Task description = Starting with the line that contains "Proof. by rewrite /smaller /lexlt3 /wsum /=; nia." and stopping after the line that contains "Section Step.", copy the entries below exactly. Include nothing else.

Material provided =

Lemma config_conj L c : config L -> A c ->
  exists L', [/\ config L', size L' = size L & cval L' = c * cval L * c^-1].
Proof.
elim: L => [|[d w] L IH] cdL Ac; first by exists [::]; rewrite /cval /= mulg1 mulgV.
have /config_cons[[Cd Bw] cL] := cdL; have [L' [cL' sL' eL']] := IH cL Ac.
have [u ru eu] := reduced_repr freeAB (wprod w * c^-1).
have nAu : ~ A (wprod u).
  have [_ mulA _] := subA; rewrite eu => /(mulA _ _)/(_ Ac).
  by rewrite mulgVK; exact: (starts_with_B_notA freeAB Bw).
have [e [ee de _]] := conj_entry Cd ru nAu.
exists (e :: L'); split; rewrite ?config_cons //= ?sL' //.
by rewrite !cval_cons eL' -de eu /= conjgM conjgE invgK !mulgA mulgVK.
Qed.

Definition wsum (L : seq (G * word)) := sumn [seq size e.2 | e <- L].

(* Earlier entries weigh more, so moving a longer word one place to the right
   decreases [wweight]. *)
Fixpoint wweight (L : seq (G * word)) :=
  if L is e :: L' then size L * size e.2 + wweight L' else 0.

Definition smaller := lexlt3 size wsum wweight.

Lemma smaller_cons e L' L : smaller L' L -> smaller (e :: L') (e :: L).
Proof. by rewrite /smaller /lexlt3 /wsum /=; lia. Qed.

Lemma smaller_swap e1 e2 e1' L : size e1'.2 <= size e1.2 -> size e2.2 < size e1.2 ->
  smaller (e2 :: e1' :: L) (e1 :: e2 :: L).
Proof. by rewrite /smaller /lexlt3 /wsum /=; nia. Qed.

Lemma smaller_shrink e1 e2 e2' L : size e2'.2 < size e2.2 ->
  smaller (e2' :: e1 :: L) (e1 :: e2 :: L).
Proof. by rewrite /smaller /lexlt3 /wsum /=; lia. Qed.

Definition reducible L := exists L' c,
  [/\ config L', L' != [::], A c, cval L = cval L' * c & smaller L' L].

(* The conjugating word [w] of the first entry survives uncancelled on the left of
   [cval L]. *)
Definition exposed L :=
  if L is (d, w) :: _ then exists b v,
    [/\ A b, d * b != 1, starts_with_B v & wprod w * cval L = d * b * wprod v]
  else False.

Lemma exposed_notA L : config L -> exposed L -> ~ A (cval L).
Proof.
case: L => [|[d w] L] // /config_cons[[Cd [rw hw]] _] [b [v [Ab db1 Bv e]]].
have [_ mulA _] := subA.
have -> : cval ((d, w) :: L) = wprod (word_inv w) * (d * b) * wprod v.
  by rewrite wprod_inv -mulgA -e mulKg.
apply: (join_notA freeAB (reduced_inv subA subB rw) Bv (mulA _ _ (C'_A Cd) Ab) db1).
by rewrite last_side_inv.
Qed.

Lemma exposed_join d w L b u c v : A b -> d * b != 1 -> B_bounded u -> A c -> c != 1 ->
  starts_with_B v -> wprod w * cval ((d, w) :: L) = d * b * (wprod u * c * wprod v) ->
  exposed ((d, w) :: L).
Proof.
move=> Ab db1 Bu Ac c1 Bv e; exists b, (u ++ (true, c) :: v); split=> //.
  exact: B_bounded_join.
by rewrite e wprod_cat wprod_cons !mulgA.
Qed.

Lemma exposed_single e : entry e -> exposed [:: e].
Proof.
case: e => d w [Cd Bw]; have [A1 _ _] := subA; exists 1, w; split; rewrite ?mulg1 //.
  exact: C'_neq1.
by rewrite /cval /= mulg1 conjgE mulVKg.
Qed.

Lemma reducible_cons e L : entry e -> reducible L -> reducible (e :: L).
Proof.
move=> ee [L' [c [cL' L'0 Ac eL lt]]]; exists (e :: L'), c; split=> //.
- by apply/config_cons.
- by rewrite !cval_cons eL mulgA.
- exact: smaller_cons.
Qed.

Lemma reducible_pull P Q c L : config P -> config Q -> A c -> P ++ Q != [::] ->
  size P + size Q < size L -> cval L = cval P * c * cval Q -> reducible L.
Proof.
move=> cP cQ Ac PQ0 lt eL; have [Q' [cQ' sQ' eQ']] := config_conj cQ Ac.
exists (P ++ Q'), c; split=> //.
- by apply/config_cat.
- by rewrite -size_eq0 size_cat sQ' -size_cat size_eq0.
- by rewrite eL cval_cat eQ' !mulgA mulgVK.
- by left; rewrite size_cat sQ'.
Qed.

Section Step.
Variables (d1 d2 b : G) (w1 w2 v : word) (L1 : seq (G * word)).
Hypotheses (ent1 : entry (d1, w1)) (ent2 : entry (d2, w2)) (cL1 : config L1).
Hypotheses (Ab : A b) (d2b1 : d2 * b != 1) (Bv : starts_with_B v).
Hypothesis exp2 : wprod w2 * cval ((d2, w2) :: L1) = d2 * b * wprod v.

Local Notation L := ((d1, w1) :: (d2, w2) :: L1).

Let d2A : A (d2 * b). Proof. by case: subA => _ mulA _; apply: mulA (C'_A ent2.1) Ab. Qed.

Lemma cval_exposed2 :
  wprod w1 * cval L = d1 * (wprod w1 * (wprod w2)^-1) * (d2 * b * wprod v).
Proof. by rewrite -exp2 cval_cons conjgE !mulgA mulgV mul1g mulgVK. Qed.

Lemma step_merge : w1 = w2 -> reducible L.
Proof.
move=> e12; subst w2; have [A1 _ _] := subA.
exists ((d1 * d2, w1) :: L1), 1; split=> //; last by left.
- by apply/config_cons; split=> //; split; [apply: C'M; [case: ent1 | case: ent2] | case: ent1].
- by rewrite mulg1 !cval_cons conjMg mulgA.
Qed.

Lemma step_generic u : B_bounded u -> wprod u = wprod w1 * (wprod w2)^-1 -> exposed L.
Proof.
move=> Bu eu; have [A1 _ _] := subA.
apply: (exposed_join (b := 1) (c := d2 * b) _ _ Bu _ _ Bv) => //.
  by rewrite mulg1; apply: C'_neq1; case: ent1.
by rewrite cval_exposed2 -eu mulg1 !mulgA.
Qed.

Lemma step_left_cancel p a :
  w1 = p ++ (true, a) :: w2 -> B_bounded p -> a * d2 * b = 1 -> reducible L.
Proof.
(* [d1^w1 d2^w2 = d2^w2 d1^h], and [h = p b^-1 w2] is no longer than [w1]. *)
move=> ew [rp _ _] ad2b; have [A1 _ invA] := subA; have [Cd1 _] := ent1.
have [_ [rw2 _]] := ent2; set h := wprod w1 * d2 ^ wprod w2.
have eL : cval L = d2 ^ wprod w2 * d1 ^ h * cval L1.
  by rewrite !cval_cons /= mulgA [d1 ^ _ * _]conjgC -conjgM.
have ad2 : a * d2 = b^-1 by rewrite -(mulg1_eq ad2b) invgK.
have [ub [rub eub sub]] := reduced_mull subA subB (t := true) (invA _ Ab) (reduced_nil A B).
have [u0 [ru0 eu0 su0]] := reduced_mul subA subB rp rub.
have [u [ru eu su]] := reduced_mul subA subB ru0 rw2.
have eh : wprod u = h.
  by rewrite eu eu0 eub /h ew wprod_cat wprod_cons conjgE mulg1 !mulgA mulgK -ad2 !mulgA.
have le : size u <= size w1 by move: su su0 sub; rewrite ew size_cat /=; lia.
case: (classic (A h)) => [Ah|nAh].
  apply: (reducible_pull (P := [:: (d2, w2)]) (c := d1 ^ h) _ cL1) => //.
  - by move=> e; rewrite inE => /eqP->.
  - exact/C'_A/C'J.
  - by rewrite eL cval_cons mulg1.
rewrite -eh in nAh; have [e [ee de se]] := conj_entry Cd1 ru nAh.
exists ((d2, w2) :: e :: L1), 1; split=> //.
- by do 2![apply/config_cons; split=> //].
- by rewrite mulg1 eL -mulgA -eh de.
- apply: smaller_swap; first exact: leq_trans se le.
  by rewrite ew size_cat /= addnS ltnS leq_addl.
Qed.

Lemma step_right_cancel p a :
  w2 = p ++ (true, a) :: w1 -> B_bounded p -> d1 = a -> reducible L.
Proof.
(* [d1^w1 d2^w2 = d2^h d1^w1], and [h = p w1] is shorter than [w2]. *)
move=> ew [rp _ _] d1a; have [A1 _ _] := subA.
have [Cd2 _] := ent2; have [_ [rw1 _]] := ent1.
set h := wprod w2 * (d1 ^ wprod w1)^-1.
have eL : cval L = d2 ^ h * cval ((d1, w1) :: L1).
  by rewrite !cval_cons /= mulgA [d1 ^ _ * d2 ^ _]conjgCV -conjgM -mulgA.
have [u [ru eu su]] := reduced_mul subA subB rp rw1.
have eh : wprod u = h.
  by rewrite eu /h ew wprod_cat wprod_cons -conjVg conjgE d1a /= !mulgA !mulgK.
have lt : size u < size w2 by move: su; rewrite ew size_cat /=; lia.
case: (classic (A h)) => [Ah|nAh].
  apply: (reducible_pull (P := [::]) (Q := (d1, w1) :: L1) (c := d2 ^ h)) => //.
  - by apply/config_cons.
  - exact/C'_A/C'J.
  - by rewrite eL mul1g.
rewrite -eh in nAh; have [e [ee de se]] := conj_entry Cd2 ru nAh.
exists (e :: (d1, w1) :: L1), 1; split=> //.
- by do 2![apply/config_cons; split=> //].
- by rewrite mulg1 eL -eh de.
- exact/smaller_shrink/(leq_ltn_trans se).
Qed.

Answer to the problem =
Proof. by rewrite /smaller /lexlt3 /wsum /=; nia. Qed.

Lemma smaller_shrink e1 e2 e2' L : size e2'.2 < size e2.2 ->
  smaller (e2' :: e1 :: L) (e1 :: e2 :: L).
Proof. by rewrite /smaller /lexlt3 /wsum /=; lia. Qed.

Definition reducible L := exists L' c,
  [/\ config L', L' != [::], A c, cval L = cval L' * c & smaller L' L].

(* The conjugating word [w] of the first entry survives uncancelled on the left of
   [cval L]. *)
Definition exposed L :=
  if L is (d, w) :: _ then exists b v,
    [/\ A b, d * b != 1, starts_with_B v & wprod w * cval L = d * b * wprod v]
  else False.

Lemma exposed_notA L : config L -> exposed L -> ~ A (cval L).
Proof.
case: L => [|[d w] L] // /config_cons[[Cd [rw hw]] _] [b [v [Ab db1 Bv e]]].
have [_ mulA _] := subA.
have -> : cval ((d, w) :: L) = wprod (word_inv w) * (d * b) * wprod v.
  by rewrite wprod_inv -mulgA -e mulKg.
apply: (join_notA freeAB (reduced_inv subA subB rw) Bv (mulA _ _ (C'_A Cd) Ab) db1).
by rewrite last_side_inv.
Qed.

Lemma exposed_join d w L b u c v : A b -> d * b != 1 -> B_bounded u -> A c -> c != 1 ->
  starts_with_B v -> wprod w * cval ((d, w) :: L) = d * b * (wprod u * c * wprod v) ->
  exposed ((d, w) :: L).
Proof.
move=> Ab db1 Bu Ac c1 Bv e; exists b, (u ++ (true, c) :: v); split=> //.
  exact: B_bounded_join.
by rewrite e wprod_cat wprod_cons !mulgA.
Qed.

Lemma exposed_single e : entry e -> exposed [:: e].
Proof.
case: e => d w [Cd Bw]; have [A1 _ _] := subA; exists 1, w; split; rewrite ?mulg1 //.
  exact: C'_neq1.
by rewrite /cval /= mulg1 conjgE mulVKg.
Qed.

Lemma reducible_cons e L : entry e -> reducible L -> reducible (e :: L).
Proof.
move=> ee [L' [c [cL' L'0 Ac eL lt]]]; exists (e :: L'), c; split=> //.
- by apply/config_cons.
- by rewrite !cval_cons eL mulgA.
- exact: smaller_cons.
Qed.

Lemma reducible_pull P Q c L : config P -> config Q -> A c -> P ++ Q != [::] ->
  size P + size Q < size L -> cval L = cval P * c * cval Q -> reducible L.
Proof.
move=> cP cQ Ac PQ0 lt eL; have [Q' [cQ' sQ' eQ']] := config_conj cQ Ac.
exists (P ++ Q'), c; split=> //.
- by apply/config_cat.
- by rewrite -size_eq0 size_cat sQ' -size_cat size_eq0.
- by rewrite eL cval_cat eQ' !mulgA mulgVK.
- by left; rewrite size_cat sQ'.
Qed.

Section Step.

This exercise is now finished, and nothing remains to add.